Comparing with the above result for an expansion of $y_n$, we note that the $h^0, h^1, h^2$ terms cancel out, leaving only that \(\tau_{n-1} = h^3(\frac{1}{24}\bar{y}'''_{n-1}) + O(h^4)\)

To get the global error, we subtract our exact and method values for $y_n$. This gives \(\|e_n\| = \|e_{n-1}\| + h(f(\bar{y}_{n-1})-f(y_{n-1})) + \tau_{n-1}\)

$f$ is given as $K$-Lipschitz, so we can impose the below bound: \(\|e_n\| \leq \|e_{n-1}\| + hK(\|e_{n-1}\| + \frac{h}{2}K\|e_{n-1}\|) + \|\tau_{n-1}\| = (1+hk+\frac{h^2}{2})\|e_{n-1}\| + \|\tau_{n-1}\|\)

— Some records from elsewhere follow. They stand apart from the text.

(* Assume: (A1) $f(x,y)$ and each component of $g(x,y)$ are convex in $y$ for each fixed $x$, and $f,g$ are twice continuously differentiable; (A2) $Y\subseteq\mathbb{R}^m$ is a compact convex set with $\{y:\exists x\in X \text{ such that } g(x,y)\le 0\}\subseteq\mathrm{int}(Y)$; (R1) for each $x\in X$ there exists $y$ with $g(x,y)<0$. Let $\epsilon\ge0$. A point $(\overline{x},\overline{y})$ is a (global) minimizer of $\mathsf{BLP}(\epsilon)$ if and only if for some $\lambda\ge0$ the point $(\overline{x},\overline{y},\lambda)$ is feasible for and a (global) minimizer of $\mathsf{DBP}(\epsilon,0)$.
   Context: Let $F:\mathbb{R}^n\times\mathbb{R}^m\to\mathbb{R}$, $f:\mathbb{R}^n\times\mathbb{R}^m\to\mathbb{R}$, $g:\mathbb{R}^n\times\mathbb{R}^m\to\mathbb{R}^p$, $G:\mathbb{R}^n\to\mathbb{R}^q$; vector inequalities componentwise; $X=\{x:G(x)\le0\}$. $\mathsf{BLP}(\epsilon)$ is: minimize $F(x,y)$ over $(x,y)$ subject to $G(x)\le0$, $f(x,y)\le\min_{y'}\{f(x,y'):g(x,y')\le0\}+\epsilon$ and $g(x,y)\le\epsilon$. For $\mu\ge0$, $h_\mu(\lambda,x)=\min_y\{\mu\|y\|^2+f(x,y)+\lambda^{\mathsf T}g(x,y):y\in Y\}$ with $Y$ from (A2); $\mathcal{C}(\epsilon,\mu)=\{(x,y,\lambda): G(x)\le0,\ g(x,y)\le\epsilon,\ \lambda\ge0,\ f(x,y)-h_\mu(\lambda,x)\le\epsilon\}$; and $\mathsf{DBP}(\epsilon,\mu)$ is: minimize $F(x,y)$ over $(x,y,\lambda)\in\mathcal{C}(\epsilon,\mu)$. *)

From HB Require Import structures.
From mathcomp Require Import all_boot all_order all_algebra.
From mathcomp Require Import all_classical all_reals all_analysis.
Set Implicit Arguments. Unset Strict Implicit. Unset Printing Implicit Defensive.
Import Order.TTheory GRing.Theory Num.Theory.
Import numFieldNormedType.Exports.
Local Open Scope classical_set_scope.
Local Open Scope ring_scope.

Section Defs.
Variable R : realType.

Definition vle k (u v : 'rV[R]_k) : Prop := forall i, u 0 i <= v 0 i.
Definition vlt k (u v : 'rV[R]_k) : Prop := forall i, u 0 i < v 0 i.
Definition vle_sc k (u : 'rV[R]_k) (e : R) : Prop := forall i, u 0 i <= e.

Definition dotp k (u v : 'rV[R]_k) : R := \sum_(i < k) u 0 i * v 0 i.
Definition sqnorm k (u : 'rV[R]_k) : R := \sum_(i < k) u 0 i ^+ 2.

Definition convex_setR k (A : set 'rV[R]_k) : Prop :=
  forall y1 y2 t, A y1 -> A y2 -> 0 <= t <= 1 -> A (t *: y1 + (1 - t) *: y2).
Definition convex_fun k (h : 'rV[R]_k -> R) : Prop :=
  forall y1 y2 t, 0 <= t <= 1 ->
    h (t *: y1 + (1 - t) *: y2) <= t * h y1 + (1 - t) * h y2.

Definition ev k (i : 'I_k) : 'rV[R]_k := delta_mx 0 i.

Definition C2 k (h : 'rV[R]_k -> R) : Prop :=
  continuous h /\
  forall i j : 'I_k,
    (forall z, derivable h z (ev i)) /\
    continuous (fun z => 'D_(ev i) h z) /\
    (forall z, derivable (fun w => 'D_(ev j) h w) z (ev i)) /\
    continuous (fun z => 'D_(ev i) (fun w => 'D_(ev j) h w) z).

Definition uncurryv n m (T : Type) (h : 'rV[R]_n -> 'rV[R]_m -> T)
  : 'rV[R]_(n + m) -> T := fun z => h (lsubmx z) (rsubmx z).

Variables (n m p q : nat).
Variables (F f : 'rV[R]_n -> 'rV[R]_m -> R)
          (g : 'rV[R]_n -> 'rV[R]_m -> 'rV[R]_p)
          (G : 'rV[R]_n -> 'rV[R]_q) (Y : set 'rV[R]_m).

Definition Xset : set 'rV[R]_n := fun x => vle (G x) 0.

Definition llval (x : 'rV[R]_n) : R :=
  inf [set f x y' | y' in [set y' | vle (g x y') 0]].

Definition BLP_feasible (eps : R) (x : 'rV[R]_n) (y : 'rV[R]_m) : Prop :=
  vle (G x) 0 /\ f x y <= llval x + eps /\ vle_sc (g x y) eps.

Definition BLP_minimizer (eps : R) (xb : 'rV[R]_n) (yb : 'rV[R]_m) : Prop :=
  BLP_feasible eps xb yb /\
  forall x y, BLP_feasible eps x y -> F xb yb <= F x y.

Definition h_mu (mu : R) (lam : 'rV[R]_p) (x : 'rV[R]_n) : R :=
  inf [set mu * sqnorm y + f x y + dotp lam (g x y) | y in Y].

Definition Cset (eps mu : R) (x : 'rV[R]_n) (y : 'rV[R]_m) (lam : 'rV[R]_p)
  : Prop :=
  vle (G x) 0 /\ vle_sc (g x y) eps /\ vle 0 lam /\ f x y - h_mu mu lam x <= eps.

Definition DBP_minimizer (eps mu : R) (xb : 'rV[R]_n) (yb : 'rV[R]_m)
  (lb : 'rV[R]_p) : Prop :=
  Cset eps mu xb yb lb /\
  forall x y lam, Cset eps mu x y lam -> F xb yb <= F x y.

End Defs.

From HB Require Import structures.
From mathcomp Require Import all_boot all_order all_algebra.
From mathcomp Require Import all_classical all_reals all_analysis.
From mathcomp Require Import ring lra.
Import Order.TTheory GRing.Theory Num.Theory.
Import numFieldNormedType.Exports.
Local Open Scope classical_set_scope.
Local Open Scope ring_scope.

(* Weak Lagrangian duality gives h_0(lam, x) <= llval x for every lam >= 0, so
   feasibility in DBP(eps, 0) implies feasibility in BLP(eps).  Conversely, for
   x in X strong duality holds with an attained multiplier, llval x = h_0(lam, x),
   so the two problems have the same feasible pairs (x, y) and the same minimizers.

   Strong duality is proved by a penalty argument.  If c lies below the
   lower-level value, the convex system f - c <= 0, g <= 0 has no solution in Y;
   at a minimizer over Y of the sum of the squared positive parts of these
   functions, the first-order condition (Y and the functions are convex) yields
   weights w >= 0 with w_0 (f - c) + sum_k w_k g_k > 0 on Y.  The Slater point
   forces w_0 > 0, so lam = w / w_0 satisfies c <= f + lam . g on Y.  The same
   Slater point confines these multipliers to a compact box, on which the
   Lipschitz dual function attains its maximum: that maximizer is an exact
   multiplier. *)

Section CompactExtrema.
Context {R : realType} {T : topologicalType}.

Lemma compact_argmin {h : T -> R} {A : set T} :
  continuous h -> compact A -> A !=set0 ->
  exists2 c, A c & forall t, A t -> h c <= h t.
Proof.
move=> ch cA A0; have [c Ac cmin] := compact_EVT_min A0 cA (continuous_subspaceT ch).
by exists c => [|t At]; [rewrite inE in Ac | apply: cmin; rewrite inE].
Qed.

Lemma compact_argmax {h : T -> R} {A : set T} :
  continuous h -> compact A -> A !=set0 ->
  exists2 c, A c & forall t, A t -> h t <= h c.
Proof.
move=> ch cA A0; have [c Ac cmax] := compact_EVT_max A0 cA (continuous_subspaceT ch).
by exists c => [|t At]; [rewrite inE in Ac | apply: cmax; rewrite inE].
Qed.

End CompactExtrema.

Lemma continuous_sumr {R : realType} {T : topologicalType} (I : finType)
    (h : I -> T -> R) :
  (forall i, continuous (h i)) -> continuous (fun z => \sum_i h i z).
Proof.
move=> h_cont; apply: continuous_big; first exact: add_continuous.
by move=> i _; exact: h_cont.
Qed.

Lemma lipschitz_continuous {R : realType} {V : normedModType R} {h : V -> R} {C : R} :
  0 <= C -> (forall a b, h a <= h b + C * `|a - b|) -> continuous h.
Proof.
move=> C0 h_lip x; apply/cvgrPdist_lt => e e0.
have C1 : 0 < C + 1 by rewrite ltr_wpDl.
near=> y.
have xy : `|x - y| < e / (C + 1).
  near: y; apply/nbhs_normP; exists (e / (C + 1)); first by rewrite /= divr_gt0.
  by move=> y /=.
have hxy : `|h x - h y| <= C * `|x - y|.
  have := h_lip x y; have := h_lip y x; rewrite distrC ler_norml; lra.
apply: le_lt_trans hxy _; move: xy; rewrite ltr_pdivlMr // => xy.
apply: le_lt_trans xy; rewrite mulrC ler_wpM2l //; lra.
Unshelve. all: by end_near. Qed.
(* For every $0<p<1$ we have $\frac12<\pi(p,p)<1$.
   Context: Let $\beta_1,\beta_2,\ldots$ be independent Bernoulli random variables with success probability $p$. A stake sequence is a sequence $\gamma=(c_1,c_2,\ldots)$ of non-negative reals with $c_1\ge c_2\ge\cdots$ and $\sum_i c_i=1$; write $S_\gamma=\sum_i c_i\beta_i$. For $0\le p\le t\le 1$ define $\pi(p,t)=\sup\{\mathbf P(S_\gamma\ge t)\mid \gamma \text{ a stake sequence}\}$. *)

From HB Require Import structures.
From mathcomp Require Import all_boot all_order all_algebra.
From mathcomp Require Import all_classical all_reals all_analysis.
Set Implicit Arguments. Unset Strict Implicit. Unset Printing Implicit Defensive.
Import Order.TTheory GRing.Theory Num.Theory numFieldNormedType.Exports.
Local Open Scope classical_set_scope.
Local Open Scope ring_scope.

Section Defs.
Context (d : measure_display) (T : measurableType d) (R : realType)
        (P : probability T R).

Definition mutually_independent (X : nat -> T -> R) : Prop :=
  forall (J : seq nat) (B : nat -> set R),
    uniq J -> (forall j, measurable (B j)) ->
    P (\big[setI/setT]_(j <- J) (X j @^-1` B j)) =
    (\prod_(j <- J) P (X j @^-1` B j))%E.

Definition bernoulli_rv (p : R) (X : T -> R) : Prop :=
  measurable_fun setT X /\ (forall w, X w = 0 \/ X w = 1) /\
  P (X @^-1` [set 1]) = p%:E.

Definition stake_seq (c : nat -> R) : Prop :=
  (forall i, 0 <= c i) /\ (forall i, c i.+1 <= c i) /\
  (series c n @[n --> \oo] --> (1:R)).

Definition S_gamma (beta : nat -> T -> R) (c : nat -> R) (w : T) : R :=
  limn (fun n => \sum_(i < n) c i * beta i w).

Definition pi_fun (beta : nat -> T -> R) (t : R) : \bar R :=
  ereal_sup [set P [set w | t <= S_gamma beta c w] | c in stake_seq].

End Defs.

From HB Require Import structures.
From mathcomp Require Import all_boot all_order all_algebra.
From mathcomp Require Import all_classical all_reals all_analysis.
From mathcomp Require Import ring lra.
Import Order.TTheory GRing.Theory Num.Theory numFieldNormedType.Exports.
Local Open Scope classical_set_scope.
Local Open Scope ring_scope.
Set Implicit Arguments. Unset Strict Implicit. Unset Printing Implicit Defensive.

(* Lower bound: for m = floor(1/p), equal stakes 1/m on the first m coins give S >= p as soon
   as one of these coins succeeds, which has probability 1 - (1-p)^m > 1/2 because
   (1-p)(1 + 1/m) < 1 and (1 + 1/m)^m >= 2.
   Upper bound: given any stake sequence, choose n so that the tail mass
   r = 1 - (c_0 + ... + c_(n-1)) is small compared with c_0. Then S >= p forces the centred
   partial sum Y = sum_(i<n) c_i (beta_i - p) to be at least -(1-p) r. By independence, the law of
   Y is computed over n independent coins, where E Y = 0, E Y^2 = p(1-p) sum c_i^2 >= p(1-p) c_0^2
   and E Y^4 <= K (E Y^2)^2 with K = 3 + 1/(p(1-p)). Integrating a polynomial minorant of the
   indicator of [Y < -t] then gives P(Y < -(1-p) r) >= 1/(12 K^2), uniformly in the stakes. *)

Section CoinExpectation.
Variables (R : comPzRingType) (p : R).

(* [Ebern n f] is the expectation of [f x] when [x 0], ..., [x n.-1] are independent
   Bernoulli(p) coins and [x i = 0] for [i >= n]. *)
Fixpoint Ebern (n : nat) (f : (nat -> R) -> R) : R :=
  if n is m.+1 then p * Ebern m (fun x => f [eta x with m |-> 1])
                    + (1 - p) * Ebern m (fun x => f [eta x with m |-> 0])
  else f (fun=> 0).

Lemma eq_Ebern n f g : (forall x, f x = g x) -> Ebern n f = Ebern n g.
Proof.
elim: n f g => [|n IHn] f g efg /=; first exact: efg.
by congr (_ * _ + _ * _); apply: IHn => x; apply: efg.
Qed.

Lemma EbernD n f g : Ebern n (fun x => f x + g x) = Ebern n f + Ebern n g.
Proof. by elim: n f g => [|n IHn] f g //=; rewrite !IHn; ring. Qed.

Lemma EbernZ n a f : Ebern n (fun x => a * f x) = a * Ebern n f.
Proof. by elim: n f => [|n IHn] f //=; rewrite !IHn; ring. Qed.

Lemma Ebern_cst n a : Ebern n (fun=> a) = a.
Proof. by elim: n => [|n IHn] //=; rewrite !IHn; ring. Qed.

Lemma Ebern1B n f : Ebern n (fun x => 1 - f x) = 1 - Ebern n f.
Proof.
rewrite (eq_Ebern _ (g := fun x => 1 + -1 * f x)) => [|x]; last by ring.
by rewrite EbernD EbernZ Ebern_cst mulN1r.
Qed.

Lemma Ebern_prod1B n : Ebern n (fun x => \prod_(i < n) (1 - x i)) = (1 - p) ^+ n.
Proof.
elim: n => [|n IHn] /=; first by rewrite big_ord0.
have lift_prod (b : R) (x : nat -> R) : \prod_(i < n.+1) (1 - [eta x with n |-> b] i) =
    (1 - b) * \prod_(i < n) (1 - x i).
  rewrite big_ord_recr /= eqxx mulrC; congr (_ * _).
  by apply: eq_bigr => i _; rewrite ifN // neq_ltn ltn_ord.
rewrite !(eq_Ebern _ (lift_prod _)) !EbernZ IHn exprS; ring.
Qed.

Definition csum (c : nat -> R) (n : nat) (x : nat -> R) : R :=
  \sum_(i < n) c i * (x i - p).

Lemma Ebern_csumS c n (F : R -> R) :
  Ebern n.+1 (fun x => F (csum c n.+1 x)) =
  p * Ebern n (fun x => F (csum c n x + c n * (1 - p)))
  + (1 - p) * Ebern n (fun x => F (csum c n x - c n * p)).
Proof.
have csumS (b : R) (x : nat -> R) : csum c n.+1 [eta x with n |-> b] = csum c n x + c n * (b - p).
  rewrite /csum big_ord_recr /= eqxx; congr (_ + _).
  by apply: eq_bigr => i _; rewrite ifN // neq_ltn ltn_ord.
rewrite /= !(eq_Ebern _ (fun x => congr1 F (csumS _ x))) sub0r.
by rewrite (eq_Ebern _ (fun x => congr1 (fun y => F (_ + y)) (mulrN _ _))).
Qed.

Definition bvar := p * (1 - p).

Lemma Ebern_csum c n : Ebern n (csum c n) = 0.
Proof.
elim: n => [|n IHn]; first by rewrite /= /csum big_ord0.
rewrite (Ebern_csumS c n id) !EbernD !Ebern_cst IHn; ring.
Qed.

Lemma Ebern_csum2 c n :
  Ebern n (fun x => csum c n x ^+ 2) = bvar * \sum_(i < n) c i ^+ 2.
Proof.
elim: n => [|n IHn]; first by rewrite /= /csum !big_ord0 expr0n mulr0.
rewrite (Ebern_csumS c n (fun y => y ^+ 2)) big_ord_recr /=.
have sq (a : R) (x : nat -> R) :
  (csum c n x + a) ^+ 2 = csum c n x ^+ 2 + (2 * a) * csum c n x + a ^+ 2 by ring.
rewrite !(eq_Ebern _ (sq _)) !EbernD !EbernZ !Ebern_cst IHn Ebern_csum /bvar; ring.
Qed.

Lemma Ebern_csum4 c n :
  Ebern n (fun x => csum c n x ^+ 4) =
  3 * (bvar * \sum_(i < n) c i ^+ 2) ^+ 2 + bvar * (1 - 6 * bvar) * \sum_(i < n) c i ^+ 4.
Proof.
elim: n => [|n IHn]; first by rewrite /= /csum !big_ord0; ring.
rewrite (Ebern_csumS c n (fun y => y ^+ 4)) !big_ord_recr /=.
have quart (a : R) (x : nat -> R) : (csum c n x + a) ^+ 4 =
    csum c n x ^+ 4 + (4 * a) * csum c n x ^+ 3 + (6 * a ^+ 2) * csum c n x ^+ 2
    + (4 * a ^+ 3) * csum c n x + a ^+ 4 by ring.
rewrite !(eq_Ebern _ (quart _)) !EbernD !EbernZ !Ebern_cst IHn Ebern_csum Ebern_csum2 /bvar; ring.
Qed.

End CoinExpectation.

Lemma sum_sqr_le_sqr_sum (R : realDomainType) n (a : nat -> R) :
  (forall i, 0 <= a i) -> \sum_(i < n) a i ^+ 2 <= (\sum_(i < n) a i) ^+ 2.
Proof.
move=> a_ge0; elim: n => [|n IHn]; first by rewrite !big_ord0 expr0n.
rewrite !big_ord_recr /=.
have S_ge0 : 0 <= \sum_(i < n) a i by rewrite sumr_ge0.
have := a_ge0 n; nra.
Qed.

Lemma quartic_le_cubic (R : realDomainType) (a u : R) : 0 <= a -> 0 <= u ->
  4 * a ^+ 2 * u ^+ 2 - u ^+ 4 <= 4 * a ^+ 3 * u.
Proof.
move=> a_ge0 u_ge0; rewrite -subr_ge0.
have -> : 4 * a ^+ 3 * u - (4 * a ^+ 2 * u ^+ 2 - u ^+ 4) =
    u * (u * (u - 2 * a) ^+ 2 + 4 * a * (u - a) ^+ 2) by ring.
by apply: mulr_ge0 => //; apply: addr_ge0; apply: mulr_ge0; rewrite ?sqr_ge0 ?mulr_ge0.
Qed.

(* With [w = K s], the expectation of the left-hand side only involves the first, second and
   fourth moments of [y]. *)
Lemma anticoncentration_pointwise (R : realDomainType) (w t y : R) : 0 <= w -> 0 <= t ->
  7 * w ^+ 2 * y ^+ 2 - 2 * y ^+ 4 - 8 * w ^+ 3 * y - 16 * w ^+ 3 * t
  <= 64 * w ^+ 4 * (y < - t)%R%:R.
Proof.
move=> w_ge0 t_ge0.
have := quartic_le_cubic w_ge0 (normr_ge0 y).
rewrite -[`|y| ^+ 4]/(`|y| ^+ (2 * 2)) exprM !real_normK ?num_real // => quartic.
have w3_ge0 : 0 <= w ^+ 3 by rewrite exprn_ge0.
have : 0 <= (w * y + 8 * w ^+ 2) ^+ 2 by rewrite sqr_ge0.
have w3t_ge0 : 0 <= w ^+ 3 * t by rewrite mulr_ge0.
case: (ltrP y (- t)) => [y_lt|y_ge]; rewrite ?mulr1 ?mulr0.
  case: (ler0P y) => y0 in quartic *; nra.
have : 0 <= w ^+ 3 * (y + t) by rewrite mulr_ge0 // -lerBlDr sub0r.
case: (ler0P y) => y0 in quartic *; nra.
Qed.

Section CoinExpectationOrder.
Variables (R : realFieldType) (p : R).
Hypothesis p01 : 0 <= p <= 1.

Definition binary (x : nat -> R) := forall i, x i = 0 \/ x i = 1.

Lemma ler_Ebern n f g : (forall x, binary x -> f x <= g x) ->
  Ebern p n f <= Ebern p n g.
Proof.
have /andP[p_ge0 p_le1] := p01.
have binary_with x m b : binary x -> b = 0 \/ b = 1 -> binary [eta x with m |-> b].
  by move=> x01 b01 i /=; case: (i == m).
elim: n f g => [|n IHn] f g fg /=; first by apply: fg => i; left.
by apply: lerD; apply: ler_wpM2l; rewrite ?subr_ge0 //; apply: IHn => x x01;
  apply: fg; apply: binary_with => //; [right | left].
Qed.

Lemma Ebern_anticoncentration n (Y : (nat -> R) -> R) (K s t : R) :
  3 <= K -> 0 < s -> 0 <= t -> 16 * K * t <= s ->
  Ebern p n Y = 0 -> Ebern p n (fun x => Y x ^+ 2) = s ^+ 2 ->
  Ebern p n (fun x => Y x ^+ 4) <= K * s ^+ 4 ->
  (12 * K ^+ 2)^-1 <= Ebern p n (fun x => (Y x < - t)%R%:R).
Proof.
move=> K_ge3 s_gt0 t_ge0 t_small EY EY2 EY4.
have K_gt0 : 0 < K by apply: lt_le_trans K_ge3.
have w_ge0 : 0 <= K * s by rewrite mulr_ge0 ?ltW.
have := ler_Ebern n (fun x _ => anticoncentration_pointwise (Y x) w_ge0 t_ge0).
rewrite EbernZ (eq_Ebern _ _ (g := fun x =>
  (7 * (K * s) ^+ 2) * Y x ^+ 2 + (-2) * Y x ^+ 4 + (- 8 * (K * s) ^+ 3) * Y x
  + (- 16 * (K * s) ^+ 3 * t))) => [|x]; last by ring.
rewrite !EbernD !EbernZ Ebern_cst EY EY2 mulr0 addr0.
set q := Ebern p n (fun x => _%:R) => main.
set E4 := Ebern p n (fun x => Y x ^+ 4) in EY4 main.
have u_gt0 : 0 < K ^+ 2 * s ^+ 4 by rewrite mulr_gt0 ?exprn_gt0.
have t_term : 16 * (K * s) ^+ 3 * t <= K ^+ 2 * s ^+ 4.
  have : 0 <= K ^+ 2 * s ^+ 3 by rewrite ltW ?mulr_gt0 ?exprn_gt0.
  rewrite exprMn; nra.
have K_term : 6 * K * s ^+ 4 <= 2 * K ^+ 2 * s ^+ 4.
  have : 0 <= K * s ^+ 4 by rewrite ltW ?mulr_gt0 ?exprn_gt0.
  nra.
rewrite -[leLHS]mulr1 ler_pdivrMl ?mulr_gt0 ?exprn_gt0 // -(ler_pM2l u_gt0).
rewrite !exprMn in main t_term.
rewrite [X in _ <= X](_ : _ = 3 / 16 * (64 * (K ^+ 4 * s ^+ 4) * q)); first lra.
by field.
Qed.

Concatenating from $t=0,\dots,n$, we get \(\|e_n\| \leq (1+hk+\frac{h^2}{2})^n\|e_0\| + \sum_{j=0}^{n-1}(1+hk+\frac{h^2}{2})\|\tau_{n-(j+1)}\|\)

Using some additional bounds, we eventually get \(\|e_n\| \leq e^{K(T-t_0)}\|e_0\| + mh^2e^{K(T-t_0)}\)

HW3 P2

Consider a numerical method for a system of ODEs given by \(\begin{pmatrix} v_1^n \\ v_2^n \\ \end{pmatrix} = \begin{pmatrix} v_1^{n-1} \\ v_2^{n-1} \\ \end{pmatrix}+ \begin{pmatrix} f(v_1,v_2) \\ 1 \\ \end{pmatrix}h\)

Note that in particular this gives $v_2^n = v_2^{n-1} + h$, meaning that for $v_2^0 = 0, v_2^n = nh$.

If instead we have \(\begin{pmatrix} v_1^n \\ v_2^n \\ \end{pmatrix} = \begin{pmatrix} v_1^{n-1} \\ v_2^{n-1} \\ \end{pmatrix}+ \begin{pmatrix} f(v_1,v_2) \\ 1 + \frac{\epsilon}{h} \\ \end{pmatrix}h\)

Then we see that the error propagates to give us $v_2^n = nh+ n\epsilon$.